(Source data)
Lemma subst_vtx_bconn (x : vtx G) : exists u, bconn b G (inl u) x.
Proof.
case: x => [u|v]; first by exists u; apply: connect0.
rewrite -(spos_ivtx v); case: v => [[e i] /= /and3P [_ i_gt0 lt_i]].
rewrite -/(sl e) in lt_i.
have pre_le1 := wh_prefix_le1 A (lab e); have suf_le1 := wh_prefix_le1 A (linv (lab e)).
have := slen_wh_word e; case: ifP => [_|/negbT eb] sl_e; first lia.
have lt0 e' : (lab e').1 != b -> 0 < sl e' by move=> e'b; rewrite slen_wh_word (negPf e'b).
(* the vertex ends the leading b-edge of alpha(e) or starts the trailing one *)
case: (boolP ((i == 1 :> nat) && (pre e == 1))) => [/andP [/eqP i1 /eqP pre1] | not_first].
  exists (orig e); have := subst_edge_badjacent wfS w_ok (lt0 e eb) (b := b).
  rewrite i1 => badj; apply/connect1/badj.
  by rewrite (nth_wh_word_b (lt0 e eb)) pre1 orbT.
have einv_b : (lab (einv e)).1 != b by rewrite (lab_einv wfS).
exists (term e); have := subst_edge_badjacent wfS w_ok (lt0 _ einv_b) (b := b).
have -> : pos (einv e) 1 = pos e i.
  by rewrite -(spos_einv wfS w_ok (ltnW lt_i)); congr spos; move: not_first; lia.
move=> badj; apply/connect1/badj.
by rewrite (nth_wh_word_b (lt0 _ einv_b)) wh_prefix_einv; move: not_first; lia.
Qed.

End WhiteheadModel.

Theorem lemma9p7 (B : finType) (Sigma : lgraph B) (n : nat)
    (comp : vtx Sigma -> 'I_n) (b : B) (A : {set B * bool}) :
  (* Sigma is the disjoint union of the sequence Sigma_0, ..., Sigma_{n-1}:
     comp v = index of the component containing v; each component is a
     nonempty connected finite tight labeled graph *)
  wf Sigma -> tight Sigma ->
  (forall e : edg Sigma, comp (orig e) = comp (term e)) ->
  (forall i : 'I_n, exists v, comp v = i) ->
  (forall u v, comp u = comp v -> connect (adjacent Sigma) u v) ->
  (* alpha is the elementary Whitehead automorphism given by b and A *)
  (forall x, x \in A -> x.1 != b) ->
  (* the path alpha(e) contains exactly one subedge labeled c = lab e *)
  (forall e : edg Sigma, (lab e).1 != b ->
     exists! s : edg (wh_graph b A Sigma), sbase s = e /\ lab s = lab e) /\
  (* for tight(alpha Sigma) with its quotient map (qv, qe) *)
  (forall (H : lgraph B) (qv : vtx (wh_graph b A Sigma) -> vtx H)
          (qe : edg (wh_graph b A Sigma) -> edg H),
     folds qv qe -> tight H ->
     exists f : edg Sigma -> edg H,
       (* f e = e' is the image of that subedge *)
       (forall e, (lab e).1 != b ->
          exists s : edg (wh_graph b A Sigma),
            [/\ sbase s = e, lab s = lab e & f e = qe s]) /\
       (* bijection between edges not labeled b^{+-1} *)
       {in [pred e | (lab e).1 != b] &, injective f} /\
       (forall e, (lab e).1 != b -> (lab (f e)).1 != b) /\
       (forall e', (lab e').1 != b -> exists e, (lab e).1 != b /\ f e = e') /\
       (* isomorphism of the graphs obtained by collapsing b^{+-1}-edges:
          the vertex map [v] |-> [qv v] is well defined and bijective on
          b-components, and it is compatible with f on incidence/inversion *)
       (forall u v, bconn b Sigma u v ->
          bconn b H (qv (sbase_vtx _ _ u)) (qv (sbase_vtx _ _ v))) /\
       (forall u v, bconn b H (qv (sbase_vtx _ _ u)) (qv (sbase_vtx _ _ v)) ->
          bconn b Sigma u v) /\
       (forall y : vtx H, exists u, bconn b H (qv (sbase_vtx _ _ u)) y) /\
       (forall e, (lab e).1 != b ->
          bconn b H (orig (f e)) (qv (sbase_vtx _ _ (orig e))) /\
          f (einv e) = einv (f e))).
Proof.
move=> wfS tS _ _ _ A_not_b; pose ledge := letter_edge (S := Sigma) A_not_b.
split=> [e eb | H qv qe qf tH].
  exists (ledge e); split=> [|s [se ls]]; first by rewrite lab_letter_edge.
  have sb : (lab s).1 != b by rewrite ls.
  by have [_ ->] := letter_edgeP A_not_b sb; rewrite se.
have qM := folds_morphism qf; have [qo [qi ql]] := qM.
have [qv_onto qe_onto] := folds_onto qf.
have [rv [re [rM rvE reE]]] := folds_factor qf (wh_model_tight wfS tS A_not_b)
  (wh_model_morphism wfS A_not_b).
exists (fun e => qe (ledge e)); split; [|split; [|split; [|split; [|split; [|split; [|split]]]]]].
- by move=> e eb; exists (ledge e); rewrite lab_letter_edge.
- by move=> e1 e2 _ _ /(congr1 re); rewrite !reE !model_emap_letter_edge => -[].
- by move=> e eb; rewrite ql lab_letter_edge.
- move=> e' e'b; have [s es] := qe_onto e'; rewrite -es ql in e'b.
  have [sb s_eq] := letter_edgeP A_not_b e'b.
  by exists (sbase s); rewrite -es [in RHS]s_eq.
- by move=> u v /(lift_bconn A wfS) /(morphism_bconn qM).
- by move=> u v /(morphism_bconn rM); rewrite !rvE => /(model_bconn wfS A_not_b).
- move=> y; have [x <-] := qv_onto y; have [u ux] := subst_vtx_bconn (A := A) wfS x.
  by exists u; apply: morphism_bconn qM _ _ ux.
- move=> e eb; rewrite -qo -qi einv_letter_edge //; split=> //.
  exact: morphism_bconn qM _ _ (orig_letter_edge_bconn wfS A_not_b eb).
Qed.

**Your task:** Copy the entries above exactly, but only from the line holding "(forall e', (lab" through the line holding "the vertex map", both included.

**Exercise solution:**
       (forall e', (lab e').1 != b -> exists e, (lab e).1 != b /\ f e = e') /\
       (* isomorphism of the graphs obtained by collapsing b^{+-1}-edges:
          the vertex map [v] |-> [qv v] is well defined and bijective on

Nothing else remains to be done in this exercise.